The author did not cite sources for any of his dubious statistics, and
they are therefore hard to disprove.  Given the remarkable lack of
factual accuracy in the article, I doubt that they have any basis in
fact.

To begin with the most obvious errors:

- Linus Torvalds's name is not Linus Torvold.

- Applix, Tower Technology, and NewMonics do not sell open-source software.

- There is no such company as "Walnut Creek Stackware".  www.cdrom.com
	belongs to Walnut Creek CDROM.  There is no such company as
	"Tower Tech JVM".  www.twr.com belongs to Tower Technology,
	which sells a (non-open-source) JVM.  There is no such web site
	as www.debian.com.

- www.python.org is operated by the Python Software Association, not
	CNRI, although it is currently hosted on CNRI's network.

- Several of the "commercial enterprises" listed in Table 1 are not
	commercial enterprises at all.  www.hungry.com, www.python.org,
	and www.debian.org are all operated by nonprofit
	organizations.  The Corporation for National Research
	Initiatives, which was incorrectly listed as operating
	www.python.org, is actually a not-for-profit research
	organization.

- It is absurd to say that Unix was the foundation for Hewlett-Packard
	and IBM, as Lewis does in his introductory paragraph.  Both
	companies had been established for more than thirty years when
	the first line of Unix was written.

- On page 126, Lewis claims that the open-source community admits that
	its organizational structure is weak.  The evidence he adduces
	is a quote from a document published on www.opensource.org.
	What he doesn't tell you is that the document is *a leaked
	internal Microsoft memo*.  Unless Lewis missed the 115
	references to Microsoft in this document and also failed to
	read the introductory paragraphs, the only reasonable
	conclusion is that he is being deliberately deceptive.

- On page 125, Lewis claims that "Currently, Linux's installed base
	numbers 7.5 million".  As usual, he cites no source.  However,
	the most widely-cited source for such figures is Robert Young's
	paper, "Sizing the Linux Market" -- available on the Web at
	http://www.redhat.com/redhat/linuxmarket.html -- which uses
	eight different data sources to obtain an estimate of between
	five and ten million Linux users.  However, this paper has a
	date of March 1998.  If Linux's growth had continued to double
	yearly in 1998, as it did from roughly 1993 to 1998, the number
	of Linux users would be between ten and twenty million.

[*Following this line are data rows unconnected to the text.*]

Lemma bdw3 a b c : bdw form [:: a; b; c] = - (form a b)%:~R *: << [:: a + b; c] >>
  + (form a c)%:~R *: << [:: a + c; b] >> - (form b c)%:~R *: << [:: b + c; a] >>.
Proof.
rewrite /bdw /= !big_ord_recl big_ord0 /=.
do 4! rewrite ?big_mkcond /= ?big_ord_recl ?big_ord0 /= /bump /= /drop2 /=.
rewrite (_ : (0 + (1 + 0))%N = 1%N) // (_ : (0 + (1 + (1 + 0)))%N = 2%N) //.
rewrite (_ : (1 + 0 + (1 + (1 + 0)))%N = 3%N) // expr1 (exprS _ 2).
rewrite (_ : (-1) ^+ 2 = 1 :> rat) ?mulr1; last by rewrite expr2 mulN1r opprK.
move: << [:: a + b; c] >> << [:: a + c; b] >> << [:: b + c; a] >> => X Y Z.
by rewrite !mulN1r !mul1r !addr0 !add0r !scaleNr.
Qed.

End BoundaryOfShortWords.

Lemma hat_ideal_triple (H : zmodType) (a b c : H) :
  hat_ideal H (<< [:: a + b; c] >> + << [:: a + c; b] >> + << [:: b + c; a] >>).
Proof.
have ext_hat g : ext_rel (@allH H) g -> ext_rel (@allH H) g \/ ihat_gen g by left.
have Ihat : hat_ideal H (<< [:: a + b; c] >> - << [:: a; c + b] >> - << [:: b; c + a] >>).
  by apply: tideal_gen; right; exists a, b, c.
have := tidealD (tidealD Ihat (tideal_sym ext_hat (x := a) (y := c + b) I I))
  (tideal_sym ext_hat (x := b) (y := c + a) I I).
rewrite (addrC c b) (addrC c a) [_ - _ - _ + _]addrAC subrKA subrKA.
by rewrite addrAC.
Qed.

Lemma hat_ideal_size_gt1 (H : zmodType) (u : Tens H) :
  hat_ideal H u -> all_words (fun k => 1 < size k)%N u.
Proof.
apply: tideal_all_words => [k l|k l|g [[v [Qv ->]]|[x [y [w ->]]]]].
- by rewrite size_cat => /leq_trans; apply; apply: leq_addr.
- by rewrite size_cat => /leq_trans; apply; apply: leq_addl.
- rewrite tmulE; apply: all_words_linext => k /Qv[k1 _].
  by apply: all_words_linext => l /Qv[l1 _]; apply: all_wordsU; rewrite size_cat k1 l1.
- by do 2?apply: all_wordsD; do ?apply: all_wordsN; apply: all_wordsU.
Qed.

Section BoundaryOfChains.
Variables (H : zmodType) (form : H -> H -> int) (z : H).
Hypotheses (form_alt : alt_bilinear form) (z_kermu : in_kermu form z).
Local Notation altDr := (altDr form_alt).
Local Notation altNr := (altNr form_alt).
Local Notation altxx := (altxx form_alt).
Local Notation altC := (altC form_alt).

Lemma alt_kermur y : form y z = 0.
Proof. by rewrite altC z_kermu oppr0. Qed.

Lemma bd_C2_kermu S c : inC 2 S z c -> bd form c = 0.
Proof.
move=> Cc; rewrite /bd big_seq big1 // => k /Cc[].
case: k => [|x [|y [|]]] //= _ _; rewrite !big_cons big_nil addr0 => sum_z.
have -> : y = z - x by rewrite -sum_z (addrC x y) addrK.
by rewrite bdw2 altDr alt_kermur altNr altxx add0r oppr0 scale0r scaler0.
Qed.

Lemma hat_ideal_bd_C3 S d : inC 3 S z d -> hat_ideal H (bd form d).
Proof.
move=> Cd; apply: tideal_linext => k /Cd[].
case: k => [|a [|b [|c [|]]]] //= _ _; rewrite !big_cons big_nil addr0 addrA => sum_z.
have fab : form a b = - form a c.
  apply/eqP; rewrite -addr_eq0; apply/eqP.
  by have := alt_kermur a; rewrite -sum_z !altDr altxx add0r.
have fbc : form b c = - form a c.
  apply/eqP; rewrite -addr_eq0; apply/eqP.
  by have := alt_kermur b; rewrite -sum_z !altDr altxx addr0 (altC b a) fab opprK addrC.
rewrite bdw3 fab fbc !mulrNz !opprK -scaleNr opprK -!scalerDr.
exact/tidealZ/hat_ideal_triple.
Qed.

End BoundaryOfChains.

Section BoundariesModuloExterior.
Variables (H : zmodType) (form : H -> H -> int) (z : H).
Hypotheses (form_alt : alt_bilinear form) (z_kermu : in_kermu form z).
Local Notation S := (H1 form).
Local Notation altDl := (altDl form_alt).
Local Notation altDr := (altDr form_alt).
Local Notation altNr := (altNr form_alt).
Local Notation altxx := (altxx form_alt).
Local Notation altC := (altC form_alt).
Local Notation alt_kermur := (alt_kermur form_alt z_kermu).
Local Notation H1_forml := (H1_forml form_alt).
Local Notation H1_addl := (H1_addl form_alt).
Local Notation H1_addr := (H1_addr form_alt).
Local Notation H1N := (H1N form_alt).
Local Notation alt0l := (alt0l form_alt).
Local Notation H1_mulSn := (H1_mulSn form_alt).
Implicit Types (t u v w : Tens H) (a b n s x y : H).

(* [t] lies in B_2(Q[H^(1)])_(z) modulo the relations of the exterior algebra. *)
Definition is_boundary t :=
  exists d, inC 3 S z d /\ tideal S (ext_rel S) (t - bd form d).

Definition eqbd u v := is_boundary (u - v).
Local Notation "u ≡ v" := (eqbd u v) (at level 70, no associativity).

Lemma bdE u : bd form u = linext (bdw form) u.
Proof. by []. Qed.

Lemma is_boundary_ideal t : tideal S (ext_rel S) t -> is_boundary t.
Proof. by exists 0; rewrite bdE linear0 subr0; split => //; apply: all_words0. Qed.

Lemma is_boundary0 : is_boundary 0.
Proof. exact/is_boundary_ideal/tideal0. Qed.

Lemma is_boundary_bd d : inC 3 S z d -> is_boundary (bd form d).
Proof. by exists d; rewrite subrr; split => //; apply: tideal0. Qed.

Lemma is_boundaryD t1 t2 : is_boundary t1 -> is_boundary t2 -> is_boundary (t1 + t2).
Proof.
move=> [d1 [C1 I1]] [d2 [C2 I2]]; exists (d1 + d2); split; first exact: all_wordsD.
by rewrite bdE linearD /= -!bdE opprD addrACA; apply: tidealD.
Qed.

Lemma is_boundaryZ (q : rat) t : is_boundary t -> is_boundary (q *: t).
Proof.
move=> [d [Cd Id]]; exists (q *: d); split; first exact: all_wordsZ.
by rewrite bdE linearZ /= -bdE -scalerBr; apply: tidealZ.
Qed.

Lemma is_boundaryN t : is_boundary t -> is_boundary (- t).
Proof. by rewrite -scaleN1r; apply: is_boundaryZ. Qed.

Lemma is_boundary_linext f u : {in msupp u, forall k, is_boundary (f k)} ->
  is_boundary (linext f u).
Proof.
by apply: linext_ind; [apply: is_boundary0 | apply: is_boundaryD | apply: is_boundaryZ].
Qed.

Lemma eqbd0 t : t ≡ 0 <-> is_boundary t.
Proof. by rewrite /eqbd subr0. Qed.

Lemma eqbd_subr0 u v : u - v ≡ 0 -> u ≡ v.
Proof. by rewrite eqbd0. Qed.

Lemma eqbd_refl u : u ≡ u.
Proof. by rewrite /eqbd subrr; apply: is_boundary0. Qed.
Hint Resolve eqbd_refl : core.

Instance eqbd_equiv : Equivalence eqbd.
Proof.
split=> [u|u v|u v w] //; rewrite /eqbd.
- by move/is_boundaryN; rewrite opprB.
- by move=> uv vw; have := is_boundaryD uv vw; rewrite addrA subrK.
Qed.

Instance addr_eqbd : Proper (eqbd ==> eqbd ==> eqbd) (@GRing.add (Tens H)).
Proof.
move=> u u' uu' v v' vv'; have := is_boundaryD uu' vv'.
by rewrite /eqbd opprD addrACA.
Qed.

Instance oppr_eqbd : Proper (eqbd ==> eqbd) (@GRing.opp (Tens H)).
Proof. by move=> u u' /is_boundaryN; rewrite /eqbd opprB addrC opprK. Qed.

Definition zpair a : Tens H := << [:: a; z - a] >>.

Lemma H1_subl a : S a -> S (z - a).
Proof. by move=> /H1N; apply: H1_addl => Sz; apply: Sz. Qed.

Lemma zpair_sub a : S a -> zpair (z - a) ≡ - zpair a.
Proof.
move=> Sa; rewrite /eqbd opprK /zpair subKr addrC.
exact/is_boundary_ideal/tideal_sym/H1_subl.
Qed.

Lemma zpairD_form a b : S a -> S b -> form a b != 0 -> zpair (a + b) ≡ zpair a + zpair b.
Proof.
move=> Sa Sb ab0; pose c := z - (a + b).
have Sc : S c by apply/H1_subl/(H1_forml (y := a)); rewrite altDr altxx add0r.
have ac : form a c = - form a b by rewrite altDr alt_kermur add0r altNr altDr altxx add0r.
have bc : form b c = form a b.
  by rewrite altDr alt_kermur add0r altNr altDr altxx addr0 (altC b a) opprK.
have zc : a + b + c = z by rewrite addrC subrK.
have Cabc : inC 3 S z << [:: a; b; c] >>.
  apply: all_wordsU; split => //; last by rewrite !big_cons big_nil addr0 addrA.
  by move=> x; rewrite !inE => /or3P[] /eqP->.
(* bd ([a] /\ [b] /\ [c]) = - <a,b> (zpair (a + b) + zpair (z - b) + zpair (z - a)) *)
have := is_boundaryZ (- (form a b)%:~R)^-1 (is_boundary_bd Cabc).
rewrite bdE linextU bdw3 ac bc mulrNz -scaleNr -!scalerDr scalerA.
rewrite mulVf ?oppr_eq0 ?intr_eq0 // scale1r -eqbd0.
have -> : << [:: a + c; b] >> = zpair (z - b).
  by rewrite /zpair subKr /c opprD addrCA addNKr.
have -> : << [:: b + c; a] >> = zpair (z - a).
  by rewrite /zpair subKr /c opprD addrCA (addrC (- a)) addNKr.
rewrite !zpair_sub // => sum0; apply: eqbd_subr0.
by rewrite opprD addrA (addrAC _ (- zpair a)).
Qed.

Lemma eqbd_addr2 u v w : u + w ≡ v + w -> u ≡ v.
Proof. by rewrite /eqbd opprD addrACA subrr addr0. Qed.

Lemma eqbd_sub_swap u v u' v' : u + v' ≡ u' + v -> u - v ≡ u' - v'.
Proof. by move=> e; apply: (@eqbd_addr2 _ _ (v + v')); rewrite subrKA (addrC v) subrKA. Qed.

Lemma H1_add2 s : S s -> S (s + s).
Proof. by rewrite -mulr2n; apply: H1_mulSn. Qed.

Lemma H1_add3 s : S s -> S (s + (s + s)).
Proof. by rewrite -mulr2n -mulrS; apply: H1_mulSn. Qed.

(* When [form a b = 0] we pass through an auxiliary [w] pairing nontrivially
   with [a], [b] and [a + b]. *)
Lemma zpairD a b : S a -> S b -> S (a + b) -> zpair (a + b) ≡ zpair a + zpair b.
Proof.
move=> Sa Sb Sab; have [ab0|ab] := eqVneq (form a b) 0; last exact: zpairD_form.
have [w [aw bw abw]] := H1_witness3 form_alt Sa Sb Sab.
have Sw : S w := H1_forml aw.
have Sbw : S (b + w).
  by apply: (H1_forml (y := a)); rewrite altDr ab0 add0r.
have abw' : form a (b + w) != 0 by rewrite altDr ab0 add0r.
apply: (@eqbd_addr2 _ _ (zpair w)).
rewrite -(zpairD_form Sab Sw abw) -addrA (zpairD_form Sa Sbw abw').
by rewrite (zpairD_form Sb Sw bw) addrA.
Qed.

Section ExtensionToKerMu.
Variables (s0 : H) (S_s0 : S s0).

Lemma zpair_shift n s s' : ~ S n -> S s -> S s' -> S (s + s') ->
  zpair (n + s) - zpair s ≡ zpair (n + s') - zpair s'.
Proof.
move=> Kn Ss Ss' Sss'; apply: eqbd_sub_swap.
have Sn r : S r -> S (n + r) by apply: H1_addl.
have Snss' : S (n + s + s') by rewrite -addrA; apply: Sn.
have Sns's : S (n + s' + s) by rewrite addrAC.
by rewrite -(zpairD (Sn _ Ss) Ss' Snss') -(zpairD (Sn _ Ss') Ss Sns's) addrAC.
Qed.

(* On ker mu the extension of [zpair] is forced to be n |-> zpair (n + s) - zpair s,
   independently of s in H^(1) by [zpair_shift_ker]. *)
Definition zpair_ker n := zpair (n + s0) - zpair s0.

Lemma zpair_shift_ker n s : ~ S n -> S s -> zpair (n + s) - zpair s ≡ zpair_ker n.
Proof.
move=> Kn Ss; case: (classic (S (s + s0))) => Sss0; first exact: zpair_shift.
(* otherwise compare through 2 s: both s + 2 s and 2 s + s0 lie in H^(1) *)
rewrite (zpair_shift Kn Ss (H1_add2 Ss) (H1_add3 Ss)).
by apply: zpair_shift => //; [apply: H1_add2 | rewrite addrAC; apply: H1_addl].
Qed.

Definition zhom x : Tens H :=
  if excluded_middle_informative (S x) then zpair x else zpair_ker x.

Lemma zhom_H1 x : S x -> zhom x = zpair x.
Proof. by rewrite /zhom; case: excluded_middle_informative. Qed.

Lemma zhom_ker x : ~ S x -> zhom x = zpair_ker x.
Proof. by rewrite /zhom; case: excluded_middle_informative. Qed.

Lemma zhomD x y : zhom (x + y) ≡ zhom x + zhom y.
Proof.
have [Sx|Kx] := classic (S x); have [Sy|Ky] := classic (S y).
- have [Sxv|Kxv] := classic (S (x + y)); first by rewrite !zhom_H1 //; apply: zpairD.
  have Syy := H1_add2 Sy.
  have Sxyy : S (x + (y + y)) by rewrite addrA; apply: H1_addl.
  rewrite zhom_ker // !zhom_H1 // -(zpair_shift_ker Kxv Sy) -addrA.
  by rewrite (zpairD Sx Syy Sxyy) (zpairD Sy Sy Syy) addrA addrK.
- rewrite (zhom_H1 (H1_addr Ky Sx)) (zhom_H1 Sx) (zhom_ker Ky) -(zpair_shift_ker Ky Sx).
  by rewrite addrCA subrr addr0 addrC.
- rewrite (zhom_H1 (H1_addl Kx Sy)) (zhom_ker Kx) (zhom_H1 Sy) -(zpair_shift_ker Kx Sy).
  by rewrite subrK.
- have Kxy : ~ S (x + y).
    by apply; move=> w; rewrite altDl (notH1_kermu Kx) (notH1_kermu Ky) addr0.
  rewrite !zhom_ker // -(zpair_shift_ker Kx (H1_addl Ky S_s0)) /zpair_ker.
  by rewrite addrA subrK addrA.
Qed.

Lemma zhom_sub x : zhom x + zhom (z - x) ≡ 0.
Proof.
have Kz : ~ S z by apply.
have S_s0' := H1N S_s0.
have zpair_opp : zpair s0 + zpair (- s0) ≡ 0.
  have K0 : ~ S 0 by apply=> y; rewrite alt0l.
  have := zhomD s0 (- s0); rewrite subrr (zhom_ker K0) /zpair_ker add0r subrr.
  by rewrite !zhom_H1 // => e; symmetry.
rewrite -zhomD addrC subrK (zhom_ker Kz) /zpair_ker -{1}(opprK s0) zpair_sub //.
by rewrite -opprD addrC zpair_opp oppr0.
Qed.

Definition zproj (k : seq H) : Tens H :=
  if k is [:: x; y] then (if x + y == z then zhom x else 0) else 0.

Lemma zproj_long k : (2 < size k)%N -> zproj k = 0.
Proof. by case: k => [|x [|y [|]]]. Qed.

Lemma is_boundary_zproj_swap x y : is_boundary (zproj [:: x; y] + zproj [:: y; x]).
Proof.
rewrite /= (addrC y x); case: eqP => [xy_z|_]; last by rewrite addr0; apply: is_boundary0.
by have := zhom_sub x; rewrite eqbd0 -xy_z (addrC x y) addrK.
Qed.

- On page 128, Lewis says, "Windows NT market share smothers all Unix
	dialects combined".  According to International Data
	Corporation's Server Operating Environment report, Unix and
	Linux together had 34.6% of the server market in 1998, while
	Windows NT had 36%.  See
	http://www.news.com/News/Item/0,4,30027,00.html?st.cn.nws.rl.ne
	for more information.
	The actual number of server Linux shipments IDC tallied in 1998
	was only three-quarters of a million; that suggests that if you
	include people installing multiple servers from the same CD and
	installing from Internet downloads, you would find that Linux's
	server market share is much greater than Windows NT's.

- Lewis remarks, "With few exceptions, open source software has never
	crossed the chasm into the mainstream without first becoming a
	commercial product sold by a commercial enterprise." 
	Does he think that Linux is not a commercial product sold by
	commercial enterprises?  If not, there are literally dozens of
	"exceptions" to this statement -- Perl, Apache, sendmail, BIND,
	Linux, Tcl/Tk, Berkeley DB, Samba, the X Window system, FORTH,
	GNU Emacs, and trn, for example.  Many of these became popular
	before they were commercially sold at all.

- Lewis misstates the business case for Linux and "its open source
	software cousins".  According to Eric Raymond -- whom Lewis
	quotes extensively elsewhere in this article -- a much more
	compelling business case is founded on the better quality of
	the software, choice of suppliers, choice of support and
	maintenance, freedom from legal exposure and license tracking.
	More details are available at
	<URL:http://www.opensource.org/for-buyers.html>.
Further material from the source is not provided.